How truly frustrating it was for us that at no stage of our conversation could we seem to know for certain that the other person had all the necessary information to ensure that the plan would be implemented! The result, of course, since we had time to exchange only at most a finite number of messages, was that the only rational course of action was for us each to abandon the plan to swap: we both independently decided just to pick up the usual child. 
To see that this was rational, observe that clearly the first message needed to have been confirmed in order for the plan to be implemented properly. Furthermore, if the $n$-th message need not have been confirmed, then it wasn't important to know that it had been received and the algorithm should have worked whether or not it was received, meaning that it didn't actually need to have been sent. So by induction, no number of confirmations suffices to implement the common knowledge that we both needed, namely, that we had each agreed to make the swap.

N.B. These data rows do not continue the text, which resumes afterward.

(* Let $\{x^k\}$ be generated by Algorithm IRG with the backtracking stepsize rule and $\theta<\mu$, and assume $\rho_k\to0$. Assume $\{x^k\}$ has an accumulation point $\bar x$, $f$ satisfies the KL property at $\bar x$ with $\psi(t)=Mt^q$ for some $M>0$ and $q\in(0,1)$, and $\nabla f$ is Lipschitz continuous on a neighborhood of $\bar x$. Assume $\mathbb N\setminus\mathcal N$ is infinite, enumerate it increasingly as $j_1<j_2<\cdots$, and set $z^k:=x^{j_k}$. Then: (i) if $q\in(0,1/2]$, $\{z^k\}$ converges linearly to $\bar x$, i.e. there exist $C>0$ and $\lambda\in(0,1)$ with $\|z^k-\bar x\|\le C\lambda^k$ for all large $k$; (ii) if $q\in(1/2,1)$, there exists $\varrho>0$ with $\|z^k-\bar x\|\le\varrho k^{-\frac{1-q}{2q-1}}$ for all sufficiently large $k$.
   Context: Algorithm IRG (general inexact reduced gradient framework). Let $f:\mathbb R^n\to\mathbb R$ be continuously differentiable. Parameters: initial point $x^1\in\mathbb R^n$, initial radii $\varepsilon_1>0$, $r_1>0$, reduction factors $\mu,\theta\in(0,1)$, and a sequence $\{\rho_k\}$ of positive numbers. For $k=1,2,\dots$: (1) choose $g^k\in\mathbb R^n$ with $\|g^k-\nabla f(x^k)\|\le\min\{\varepsilon_k,\rho_k\}$; (2) if $\|g^k\|\le r_k+\varepsilon_k$, set $r_{k+1}=\mu r_k$, $\varepsilon_{k+1}=\theta\varepsilon_k$, $d^k=0$; otherwise set $r_{k+1}=r_k$, $\varepsilon_{k+1}=\varepsilon_k$ and $d^k=-\frac{\|g^k\|-\varepsilon_k}{\|g^k\|}g^k$; (3) choose a stepsize $t_k>0$ by some rule; (4) set $x^{k+1}=x^k+t_kd^k$. The set of null iterations is $\mathcal N:=\{k\in\mathbb N: x^{k+1}=x^k\}$. Backtracking stepsize rule: fix $\beta,\gamma,\tau\in(0,1)$; if $d^k=0$ set $t_k=\tau$; otherwise $t_k=\max\{t\in\{1,\gamma,\gamma^2,\dots\}: f(x^k+td^k)\le f(x^k)-\beta t\|d^k\|^2\}$. KL property with $\psi(t)=Mt^q$: there exist $\eta>0$ and a neighborhood $U$ of $\bar x$ such that $\|\nabla f(x)\|\ge M(f(x)-f(\bar x))^q$ for all $x\in U$ with $f(\bar x)<f(x)<f(\bar x)+\eta$. *)

From HB Require Import structures.
From mathcomp Require Import all_boot all_order all_algebra.
From mathcomp Require Import all_classical all_reals all_analysis.
Set Implicit Arguments. Unset Strict Implicit. Unset Printing Implicit Defensive.
Import Order.TTheory GRing.Theory Num.Theory.
Import numFieldNormedType.Exports.
Local Open Scope ring_scope.
Local Open Scope classical_set_scope.
Lemma leaf_path_end c b : c \in D -> cnbhd e c = [set c; p; b] -> b \notin cnbhd e p ->
  (forall d, d \in D -> d != c -> #|cnbhd e d| = 2) -> cnbhd e b \subset [set b; c].
Proof.
move=> cD Nc bNp others; apply/subsetP => w wNb; apply/idPn; rewrite !inE negb_or => /andP[wb wc].
have bNc : b \in cnbhd e c by rewrite Nc !inE eqxx orbT.
have bx : b != x by apply: contraTneq bNc => ->; rewrite cnbhd_sym leaf_undominated.
have wx : w != x.
  apply: contraNneq bNp => wx; move: wNb; rewrite wx cnbhd_sym Nx => /set2P[bx'|->].
    by rewrite bx' eqxx in bx.
  exact: cnbhd_refl.
have wD : w \notin D.
  apply: contra wc => wD; apply/eqP; apply: (eds_dominator_uniq effD bx) => //.
  by rewrite cnbhd_sym.
have [f fD fNw] := eds_dominator effD wx.
have fc : f != c.
  apply: contraNneq bNp => fc; have wNc : w \in cnbhd e c by rewrite -fc cnbhd_sym.
  rewrite Nc !inE (negbTE wc) (negbTE wb) orbF in wNc.
  by rewrite -(eqP wNc) cnbhd_sym.
have fw : f != w by apply: contraNneq wD => <-.
have Nf : cnbhd e f = [set f; w].
  apply/eqP; rewrite eq_sym eqEcard others // cards2 fw subUset !sub1set.
  by rewrite cnbhd_refl cnbhd_sym fNw.
apply: (no_dominating_swap effD leaf_undominated (R := [set c; f]) (Q := [set p; w])).
- by rewrite subUset !sub1set cD fD.
- by rewrite !cards2 [c == f]eq_sym fc; case: (_ != _).
- by exists p; rewrite ?set21 // Nx set22.
- move=> y r /set2P[]-> rNy; rewrite cnbhd_sym in rNy.
  + move: rNy; rewrite Nc !inE => /orP[/orP[]|] /eqP->.
    * by exists p; rewrite ?set21 // Nc !inE eqxx orbT.
    * by exists p; rewrite ?set21 ?cnbhd_refl.
    * by exists w; rewrite ?set22 // cnbhd_sym.
  + move: rNy; rewrite Nf !inE => /orP[] /eqP->.
    * by exists w; rewrite ?set22 // Nf set22.
    * by exists w; rewrite ?set22 ?cnbhd_refl.
Qed.

End Leaf.

Lemma leaf_path x p : x != p -> cnbhd e x = [set x; p] ->
  exists c b, [/\ uniq [:: x; p; c; b], cnbhd e c = [set c; p; b]
               & cnbhd e b = [set b; c]].
Proof.
move=> xp Nx; have [D xD effD] := punctured_eds x.
have pD := leaf_support_notin_eds xp Nx xD effD.
have undomD := leaf_undominated xp Nx xD effD.
have exp : e x p by move: (set22 x p); rewrite -Nx cnbhdE eq_sym (negbTE xp).
have px : p != x by rewrite eq_sym.
have [c cD cNp] := eds_dominator effD px.
have pNc : p \in cnbhd e c by rewrite cnbhd_sym.
have [b [Nc bNp others]] := cnbhd_dominator effD undomD exp cD pNc.
have bNc : b \in cnbhd e c by rewrite Nc !inE eqxx orbT.
exists c, b; split => //.
  have xc : x != c by apply: contraNneq xD => ->.
  have xb : x != b by apply: contraNneq (undomD c cD) => ->; rewrite cnbhd_sym.
  have pc : p != c by apply: contraNneq pD => ->.
  have pb : p != b by apply: contraNneq bNp => <-; rewrite cnbhd_refl.
  have cb : c != b by apply: contraNneq bNp => <-.
  by rewrite /= !inE !negb_or xp xc xb pc pb cb.
apply/eqP; rewrite eqEsubset (leaf_path_end xp Nx xD effD cD Nc bNp others).
by rewrite subUset !sub1set cnbhd_refl cnbhd_sym bNc.
Qed.
Theorem theorem1 :
  exists c : R, 0 < c /\
    forall A B : list R,
      NoDup A -> NoDup B -> A <> nil -> B <> nil ->
      distinct_consec_diffs A ->
      INR (card (sumset A B)) >= c * INR (length A) * sqrt (INR (length B)).
Proof.
  exists (1 / 4). split; [lra|]. intros A B HA HB HAne HBne Hdcd.
  pose proof (length_le_card_sumset A B HAne HB) as Hmn.
  unfold card in *.
  assert (Hm : (1 <= length B)%nat) by (destruct B; [congruence | simpl; lia]).
  pose proof (length_sq_le_mult_mul_sum _ _ _ (gap_count_pos A B)
    (gap_count_fibre_le A B HA HB Hdcd) ltac:(lia)) as Hkey.
  rewrite length_prod in Hkey.
  pose proof (gap_count_arith _ _ _ _ _ Hm Hmn (length_le_count_has_succ A HA) Hkey
    (gap_count_sum_le A B HA)) as Hsq.
  apply INR_mul_sqrt_le in Hsq. rewrite mult_INR in Hsq. simpl in Hsq. lra.
Qed.
End Derivative.

Lemma theta_hat_ge {R : realType} {sg theta p : R} :
  0 <= sg -> sg < 1 -> 0 <= p -> (1 - sg) * p <= theta ->
  sg * p + p ^+ 2 <= theta_hat sg theta.
Proof.
move=> sg0 sg1 p0 p_le; have sg1' : 0 < 1 - sg by rewrite subr_gt0.
have p_le' : p <= theta / (1 - sg) by rewrite ler_pdivlMr // mulrC.
have -> : theta_hat sg theta
          = sg * (theta / (1 - sg)) + (theta / (1 - sg)) ^+ 2.
  by rewrite /theta_hat; field; rewrite gt_eqF.
by rewrite lerD ?ler_wpM2l // lerXn2r // nnegrE (le_trans p0).
Qed.

Section ApproximateStep.
Context {R : realType} {H : completeNormedModType R} {ip : H -> H -> R}.
Context {C : set H} {F : H -> H} {F' : H -> H -> H}.
Hypotheses (hip : is_inner_product ip) (convC : convex_set C).
Hypotheses (monoF : monotone_on ip C F) (dF : derivative_on C F F').

Lemma approx_step_le {sg l : R} {xp yp np yk nk : H} :
  0 <= l -> in_normal_cone ip C yp np -> in_normal_cone ip C yk nk ->
  `|l *: (linF F F' yp yk + nk) + yk - xp| <= sg * `|yk - yp| ->
  (1 - sg) * `|yk - yp| <= `|l *: (F yp + np) + yp - xp|.
Proof.
move=> l0 [Cyp np_normal] [Cyk nk_normal].
set h := yk - yp; set e := l *: _ + yk - xp; set v := l *: _ + yp - xp.
move=> e_small.
have nk_h : 0 <= ip nk h.
  by have := nk_normal _ Cyp; rewrite -opprB (ipNr hip); lra.
have np_h : ip np h <= 0 := np_normal _ Cyk.
have q0 : 0 <= ip (F' yp h) h :=
  monotone_derivative_ge0 convC dF hip monoF Cyp Cyk.
have ip_e : ip e h
            = l * (ip (F yp) h + ip (F' yp h) h + ip nk h) + ip yk h - ip xp h.
  by rewrite /e /linF -/h !(ipBl hip, ipDl hip, ipZl hip).
have ip_v : ip v h = l * (ip (F yp) h + ip np h) + ip yp h - ip xp h.
  by rewrite /v !(ipBl hip, ipDl hip, ipZl hip).
have ip_h : ip yk h - ip yp h = `|h| ^+ 2 by rewrite -(ipBl hip) (ip_normE hip).
have lower : `|h| ^+ 2 <= ip (e - v) h.
  rewrite (ipBl hip) ip_e ip_v.
  have := mulr_ge0 l0 q0; have : 0 <= l * (ip nk h - ip np h).
    by rewrite mulr_ge0 // subr_ge0 (le_trans np_h).
  lra.
have upper : ip (e - v) h <= (sg * `|h| + `|v|) * `|h|.
  apply: le_trans (ip_le_normM hip _ _) (ler_wpM2r (normr_ge0 h) _).
  by apply: le_trans (ler_normB _ _) _; rewrite lerD2r.
have [h0 | h_neq0] := eqVneq `|h| 0; first by rewrite h0 mulr0.
have h_gt0 : 0 < `|h| by rewrite lt_neqAle eq_sym h_neq0 normr_ge0.
by rewrite -(ler_pM2r h_gt0); nra.
Qed.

See also the two generals problem. 
A: A good source for this sort of reasoning is:
J.-J. Meyer and W. van der Hoek, Epistemic Logic for AI and Computer Science, 
Number 41 in Cambridge Tracts in Theoretical Computer Science, Cambridge 
University Press, 1995.
The question of common knowledge, and of the algorithmics of epistemic modal logics, provides a lot of good material on this sort of problem.  (It is good fun to try the mathematical side of this in Popularisation activities.  I used Muddy Children with various groups with a lot of laughter and appreciation of the mathematical models.)
A: Here is another puzzle I like which is in the spirit of the question.  100 people play a game as follows.  Each person secretly writes a number between 1 and 1000000.  The numbers are then all revealed and the person who is closest to 2/3 of the average wins a prize.  If there is a tie, the prize is shared between the winners.

What number should one write down?

Now, it is clearly foolish to write down any number greater than 666667, since 2/3 of the average cannot be more than 666667.  But now we can view the game as being played on the interval from 1 to 666667 instead of from 1 to 1000000.  Now we can iterate again and conclude that it is foolish to choose any number greater than 444444.  Ultimately (but this requires many iterations of knowledge), the only rational choice is for all players to choose 1 and to split the prize.